Registry and API in a sanctioned language (Ephapax/Rust/Elixir — ReScript retired 2026-04). Modalities in Rust, exposed via SNIFs (see hyperpolymath/snifs) when crossing the BEAM boundary. Hypatia’s own FFI is Zig-via-dlopen, not NIFs — SNIFs become relevant only if a BEAM NIF is ever added (e.g. alongside a future Nx/EXLA backend).

Zero-Trust

verisim-semantic + proven for ZKP. sactify-php for signatures.

Federation Flexibility

Nodes use different stores per modality. Registry abstracts differences.

Simplicity

No CockroachDB ops burden. Custom crates simpler than Fluree/TimescaleDB.
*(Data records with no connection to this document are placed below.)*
Lemma adjmx_mul_eq0 p (w : 'cV[C]_p) : ((adjmx w *m w) 0 0 == 0) = (w == 0).
Proof.
apply/idP/eqP=> [|->]; last by rewrite mulmx0 mxE.
rewrite mxE psumr_eq0 => [/allP w0|i _]; last by rewrite !mxE mulrC mul_conjC_ge0.
apply/matrixP=> i j; rewrite (ord1 j) !mxE; apply/eqP.
by rewrite -mul_conjC_eq0 mulrC -(adjmxE w) (eqP (w0 i (mem_index_enum i))).
Qed.

Lemma psd_mul_adjmx p q (F : 'M[C]_(p, q)) : psd (F *m adjmx F).
Proof.
apply: psd_qform => v; rewrite /qform.
have -> : adjmx v *m (F *m adjmx F) *m v = adjmx (adjmx F *m v) *m (adjmx F *m v).
  by rewrite adjmxM adjmxK !mulmxA.
exact: adjmx_mul_ge0.
Qed.

Lemma psd_factor d (A : 'M[C]_d) : psd A -> exists F : 'M[C]_d, A = F *m adjmx F.
Proof.
case=> A_herm A_ge0.
have /orthomx_spectralP : A \is normalmx.
  by rewrite qualifE -/(adjmx A) -A_herm.
set P := spectralmx A; set s := spectral_diag A => A_spec.
have P_unitary : P \is unitarymx := spectral_unitarymx A.
rewrite invmx_unitary // -/(adjmx P) in A_spec.
have s_ge0 l : 0 <= s 0 l.
  have := A_ge0 (adjmx P *m delta_mx l 0).
  rewrite adjmxM adjmxK A_spec !mulmxA !mulmxtVK //.
  by rewrite entry_delta_sandwich mxE eqxx mulr1n.
pose r := \row_l sqrtC (s 0 l).
have adjmx_r : adjmx (diag_mx r) = diag_mx r.
  rewrite /adjmx tr_diag_mx map_diag_mx; congr diag_mx; apply/rowP=> l.
  by rewrite !mxE; apply/CrealP/ger0_real; rewrite sqrtC_ge0.
have rr : diag_mx r *m diag_mx r = diag_mx s.
  by rewrite mulmx_diag; congr diag_mx; apply/rowP=> l; rewrite !mxE -expr2 sqrtCK.
exists (adjmx P *m diag_mx r).
by rewrite adjmxM adjmxK adjmx_r !mulmxA -(mulmxA _ (diag_mx r) (diag_mx r)) rr.
Qed.

Lemma psd_congr p q (W : 'M[C]_(p, q)) (X : 'M[C]_p) :
  psd X -> psd (adjmx W *m X *m W).
Proof.
case=> _ X_ge0; apply: psd_qform => v.
by have := X_ge0 (W *m v); rewrite /qform adjmxM !mulmxA.
Qed.

Lemma psd_diag_ge0 d (A : 'M[C]_d) i : psd A -> 0 <= A i i.
Proof. by case=> _ /(_ (delta_mx i 0)); rewrite entry_delta_sandwich. Qed.

Lemma psd_trace_ge0 d (A : 'M[C]_d) : psd A -> 0 <= \tr A.
Proof. by move=> A_psd; apply: sumr_ge0 => i _; exact: psd_diag_ge0. Qed.

Lemma mxtrace_mul_psd_ge0 d (P Y : 'M[C]_d) : psd P -> psd Y -> 0 <= \tr (P *m Y).
Proof.
move=> P_psd /psd_factor [F ->]; rewrite mulmxA mxtrace_mulC mulmxA.
exact/psd_trace_ge0/psd_congr.
Qed.

Lemma psdZ d c (A : 'M[C]_d) : 0 <= c -> psd A -> psd (c *: A).
Proof.
move=> c_ge0 [_ A_ge0]; apply: psd_qform => v.
by rewrite qformZ mulr_ge0 // A_ge0.
Qed.

Lemma psd1 d : psd (1%:M : 'M[C]_d).
Proof. by have := psd_mul_adjmx (1%:M : 'M[C]_d); rewrite adjmx1 mulmx1. Qed.

Lemma psd_tens p q (A : 'M[C]_p) (B : 'M[C]_q) : psd A -> psd B -> psd (A *t B).
Proof.
move=> /psd_factor [F ->] /psd_factor [G ->].
rewrite -tensmx_mul -adjmx_tens; exact: psd_mul_adjmx.
Qed.

Lemma mxtrace_tens p q (X : 'M[C]_p) (Y : 'M[C]_q) : \tr (X *t Y) = \tr X * \tr Y.
Proof.
rewrite /mxtrace sum_mxtens_index big_distrlr /=.
by apply: eq_bigr => i _; apply: eq_bigr => j _; rewrite tensmxE.
Qed.

Lemma state_tens p q (X : 'M[C]_p) (Y : 'M[C]_q) :
  state X -> state Y -> state (X *t Y).
Proof.
case=> X_psd X_tr [Y_psd Y_tr]; split; first exact: psd_tens.
by rewrite mxtrace_tens X_tr Y_tr mulr1.
Qed.

Lemma trace_states_inj d (A B : 'M[C]_d) :
  (forall rho, state rho -> \tr (A *m rho) = \tr (B *m rho)) -> A = B.
Proof.
move=> AB; apply/eqP; rewrite -subr_eq0; apply/eqP/qform_eq0 => v.
have [->|v_neq0] := eqVneq v 0; first by rewrite /qform mulmx0 mxE.
set r := (adjmx v *m v) 0 0.
have r_gt0 : 0 < r by rewrite lt0r adjmx_mul_eq0 v_neq0 adjmx_mul_ge0.
have r_inv_neq0 : r^-1 != 0 by rewrite invr_eq0 gt_eqF.
have rho_state : state (r^-1 *: (v *m adjmx v)).
  split; first by apply: psdZ; [rewrite invr_ge0 ltW | exact: psd_mul_adjmx].
  by rewrite mxtraceZ mxtrace_mulC trace_mx11 mulVf // gt_eqF.
have := AB _ rho_state; rewrite -!scalemxAr !mxtraceZ -!qform_trace.
by move=> /(mulfI r_inv_neq0) AvBv; rewrite qformB AvBv subrr.
Qed.

Lemma mxtrace_suml (Om : finType) n (A : Om -> 'M[C]_n) rho :
  \tr ((\sum_x A x) *m rho) = \sum_x \tr (A x *m rho).
Proof. by rewrite mulmx_suml raddf_sum. Qed.

Lemma povm_mxtrace_sum (Om : finType) n (A : Om -> 'M[C]_n) rho :
  povm A -> \sum_x \tr (A x *m rho) = \tr rho.
Proof. by case=> _ A_sum; rewrite -mxtrace_suml A_sum mul1mx. Qed.

Lemma mxtrace_tens_blocks k n (M : 'M[C]_k) (P : 'M[C]_n) (X : 'M[C]_(k * n)) :
  \tr ((M *t P) *m X) = \sum_i \sum_j M i j * \tr (P *m blockmx X j i).
Proof.
rewrite /mxtrace sum_mxtens_index; apply: eq_bigr => i _.
under eq_bigr => a _ do rewrite mxE sum_mxtens_index.
rewrite exchange_big; apply: eq_bigr => j _; rewrite big_distrr.
apply: eq_bigr => a _; rewrite mxE big_distrr; apply: eq_bigr => b _.
by rewrite tensmxE !mxE -mulrA.
Qed.

Lemma psd_trace_blocks k n (P : 'M[C]_n) (X : 'M[C]_(k * n)) :
  psd P -> psd X -> psd (\matrix_(i, j) \tr (P *m blockmx X i j)).
Proof.
move=> P_psd X_psd; apply: psd_qform => v.
(* The form equals [tr ((1 (x) P) Z)] for the compression [Z = (v (x) 1)^* X (v (x) 1)]. *)
have -> : qform (\matrix_(i, j) \tr (P *m blockmx X i j)) v =
    \tr ((v *m adjmx v) *t P *m X).
  rewrite mxtrace_tens_blocks qformE exchange_big /=.
  apply: eq_bigr => i _; apply: eq_bigr => j _.
  by rewrite !mxE big_ord1 !mxE; ring.
have Z_psd := psd_congr (v *t (1%:M : 'M[C]_n)) X_psd.
have := mxtrace_mul_psd_ge0 (psd_tens (psd1 1) P_psd) Z_psd.
rewrite adjmx_tens adjmx1 !mulmxA tensmx_mul mul1mx mulmx1 mxtrace_mulC mulmxA.
by rewrite tensmx_mul mul1mx.
Qed.

Lemma cp_measure_prepare n m (P : 'M[C]_n) (S : 'M[C]_m) :
  psd P -> psd S -> completely_positive (fun rho => \tr (P *m rho) *: S).
Proof.
move=> P_psd S_psd k X X_psd.
have -> : ampl (fun rho => \tr (P *m rho) *: S) X =
    (\matrix_(i, j) \tr (P *m blockmx X i j)) *t S.
  by apply/matrixP => p q; rewrite !mxE.
exact: psd_tens (psd_trace_blocks P_psd X_psd) S_psd.
Qed.

Lemma cp_mxtrace_ge0 n m (Phi : 'M[C]_n -> 'M[C]_m) (Y : 'M[C]_n) :
  completely_positive Phi -> psd Y -> 0 <= \tr (Phi Y).
Proof.
move=> Phi_cp Y_psd.
have X_psd : psd ((1%:M : 'M[C]_1) *t Y) := psd_tens (psd1 1) Y_psd.
have X_block : blockmx ((1%:M : 'M[C]_1) *t Y) 0 0 = Y.
  by apply/matrixP => a b; rewrite mxE tensmxE mxE mul1r.
apply: sumr_ge0 => a _.
have := psd_diag_ge0 (mxtens_index (0 : 'I_1, a)) (Phi_cp 1%N _ X_psd).
by rewrite mxE mxtens_indexK X_block.
Qed.

Lemma ptrace1_tens p q (X : 'M[C]_p) (Y : 'M[C]_q) : ptrace1 (X *t Y) = \tr X *: Y.
Proof.
apply/matrixP=> i j; rewrite !mxE big_distrl; apply: eq_bigr => a _.
by rewrite tensmxE.
Qed.

Lemma ptrace2_tens p q (X : 'M[C]_p) (Y : 'M[C]_q) : ptrace2 (X *t Y) = \tr Y *: X.
Proof.
apply/matrixP=> i j; rewrite !mxE big_distrl; apply: eq_bigr => b _.
by rewrite tensmxE mulrC.
Qed.

Lemma ptrace1Z p q c (Y : 'M[C]_(p * q)) : ptrace1 (c *: Y) = c *: ptrace1 Y.
Proof.
apply/matrixP=> i j; rewrite !mxE big_distrr; apply: eq_bigr => a _.
by rewrite mxE.
Qed.

Lemma ptrace2Z p q c (Y : 'M[C]_(p * q)) : ptrace2 (c *: Y) = c *: ptrace2 Y.
Proof.
apply/matrixP=> i j; rewrite !mxE big_distrr; apply: eq_bigr => b _.
by rewrite mxE.
Qed.

Lemma mxtrace_ptrace1 p q (Y : 'M[C]_(p * q)) : \tr (ptrace1 Y) = \tr Y.
Proof.
by rewrite /mxtrace sum_mxtens_index exchange_big; apply: eq_bigr => b _; rewrite mxE.
Qed.

Lemma mxtrace_ptrace2 p q (Y : 'M[C]_(p * q)) : \tr (ptrace2 Y) = \tr Y.
Proof. by rewrite /mxtrace sum_mxtens_index; apply: eq_bigr => a _; rewrite mxE. Qed.

Section DualMatrix.
Variables (n m : nat) (Phi : 'M[C]_n -> 'M[C]_m).

(* The Heisenberg-picture image [Phi^*(1)] of the identity. *)
Definition dualmx : 'M[C]_n := \matrix_(i, j) \tr (Phi (delta_mx j i)).

Hypothesis Phi_lin : linear Phi.
HB.instance Definition _ := GRing.isLinear.Build C 'M[C]_n 'M[C]_m *:%R Phi Phi_lin.

Lemma mxtrace_dualmx rho : \tr (dualmx *m rho) = \tr (Phi rho).
Proof.
transitivity (\sum_j \sum_i \tr (Phi (delta_mx i j)) * rho i j).
  by rewrite /mxtrace; apply: eq_bigr => j _; rewrite mxE; apply: eq_bigr => i _; rewrite mxE.
rewrite [in RHS](matrix_sum_delta rho) linear_sum raddf_sum /=.
under [RHS]eq_bigr do rewrite linear_sum raddf_sum /=.
rewrite exchange_big; apply: eq_bigr => j _; apply: eq_bigr => i _.
by rewrite linearZ mxtraceZ mulrC.
Qed.

Lemma psd_dualmx : completely_positive Phi -> psd dualmx.
Proof.
move=> Phi_cp; apply: psd_qform => v; rewrite qform_trace mxtrace_dualmx.
exact/cp_mxtrace_ge0/psd_mul_adjmx.
Qed.

End DualMatrix.

Lemma induced_povm_dualmx (Om : finType) n m (I : Om -> 'M[C]_n -> 'M[C]_m) :
  instrument I -> induced_povm I (fun x => dualmx (I x)).
Proof.
case=> I_lin [I_cp [_ I_tp]].
split=> [|x rho _]; last exact: (mxtrace_dualmx (I_lin x) rho).
split=> [x|]; first exact: psd_dualmx.
apply: trace_states_inj => rho _; rewrite mul1mx mxtrace_suml -[RHS]I_tp raddf_sum.
by apply: eq_bigr => x _; rewrite (mxtrace_dualmx (I_lin x)).
Qed.

Lemma instrument_measure_prepare (Om : finType) n m
    (A : Om -> 'M[C]_n) (xi : Om -> 'M[C]_m) :
  povm A -> (forall x, state (xi x)) ->
  instrument (fun x rho => \tr (A x *m rho) *: xi x).
Proof.
move=> A_povm xi_state; have [A_psd _] := A_povm.
split; [|split; [|split]].
- move=> x a u v.
  by rewrite mulmxDr -scalemxAr mxtraceD mxtraceZ scalerDl scalerA.
- by move=> x; apply: cp_measure_prepare => //; case: (xi_state x).
- move=> x rho rho_psd; rewrite mxtraceZ (xi_state x).2 mulr1.
  rewrite -(povm_mxtrace_sum rho A_povm) (bigD1 x) //= lerDl.
  by apply: sumr_ge0 => y _; exact: mxtrace_mul_psd_ge0.
- move=> rho; rewrite raddf_sum /= -(povm_mxtrace_sum rho A_povm).
  by apply: eq_bigr => x _; rewrite mxtraceZ (xi_state x).2 mulr1.
Qed.

Lemma measure_prepare_induced_povm (Om : finType) n m
    (I : Om -> 'M[C]_n -> 'M[C]_m) (A AI : Om -> 'M[C]_n) (xi : Om -> 'M[C]_m) :
  (forall x, state (xi x)) -> (forall x rho, I x rho = \tr (A x *m rho) *: xi x) ->
  induced_povm I AI -> forall x, AI x = A x.
Proof.
move=> xi_state EI [_ AI_tr] x; apply: trace_states_inj => rho rho_state.
by rewrite AI_tr // EI mxtraceZ (xi_state x).2 mulr1.
Qed.

Lemma povm_compatible_induced (Om La : finType) n m p
    (I : Om -> 'M[C]_n -> 'M[C]_m) (J : La -> 'M[C]_n -> 'M[C]_p)
    (AI : Om -> 'M[C]_n) (AJ : La -> 'M[C]_n) :
  induced_povm I AI -> induced_povm J AJ ->
  instrument_compatible I J -> povm_compatible AI AJ.
Proof.
move=> [_ AI_tr] [_ AJ_tr] [G [G_ins G_marg]].
have [G_povm G_tr] := induced_povm_dualmx G_ins.
exists (fun xy => dualmx (G xy)); split=> //.
split=> [y|x]; apply: trace_states_inj => rho rho_state; rewrite mxtrace_suml.
- rewrite AJ_tr // -(G_marg rho rho_state).1 raddf_sum /=.
  by apply: eq_bigr => x _; rewrite G_tr // mxtrace_ptrace1.
- rewrite AI_tr // -(G_marg rho rho_state).2 raddf_sum /=.
  by apply: eq_bigr => y _; rewrite G_tr // mxtrace_ptrace2.
Qed.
Appendix: SQL Anti-Pattern Example

Why NOT to use PostgreSQL for vectors:

-- Attempt: Store embeddings in PostgreSQL with pgvector
CREATE TABLE papers (
    id UUID PRIMARY KEY,
    title TEXT,
    embedding vector(768)  -- pgvector extension
);

CREATE INDEX ON papers USING ivfflat (embedding vector_cosine_ops);

-- Query: Find similar papers
SELECT id, title, embedding <-> $1::vector AS distance
FROM papers
ORDER BY embedding <-> $1::vector
LIMIT 10;

-- Problems:
-- 1. ivfflat is inferior to HNSW (lower recall)
-- 2. No GPU acceleration (Milvus supports GPUs)
-- 3. Can't tune index parameters at query time
-- 4. Doesn't scale to billions of vectors
-- 5. No native filtering (WHERE clauses slow down ANN)
-- 6. No hybrid search (semantic + keyword)

Solution: Use Milvus

# Milvus: Specialized vector database
from pymilvus import Collection

collection = Collection("papers")

# HNSW index with tunable parameters
collection.create_index("embedding", {
    "index_type": "HNSW",
    "metric_type": "COSINE",
    "params": {"M": 16, "efConstruction": 200}
})

# Query with filtering
results = collection.search(
    data=[query_embedding],
    anns_field="embedding",
    param={"metric_type": "COSINE", "ef": 100},
    limit=10,
    expr="year >= 2020"  # Native filtering (fast)
)

# Advantages:
# - HNSW: Superior recall compared to IVF
# - GPU support: 10-100x faster on large datasets
# - Tunable: Adjust ef at query time (precision/speed tradeoff)
# - Scales: Billions of vectors across multiple nodes
# - Hybrid: Combine semantic + keyword search natively

Takeaway: Don’t force specialized workloads into generic SQL. Use the right tool.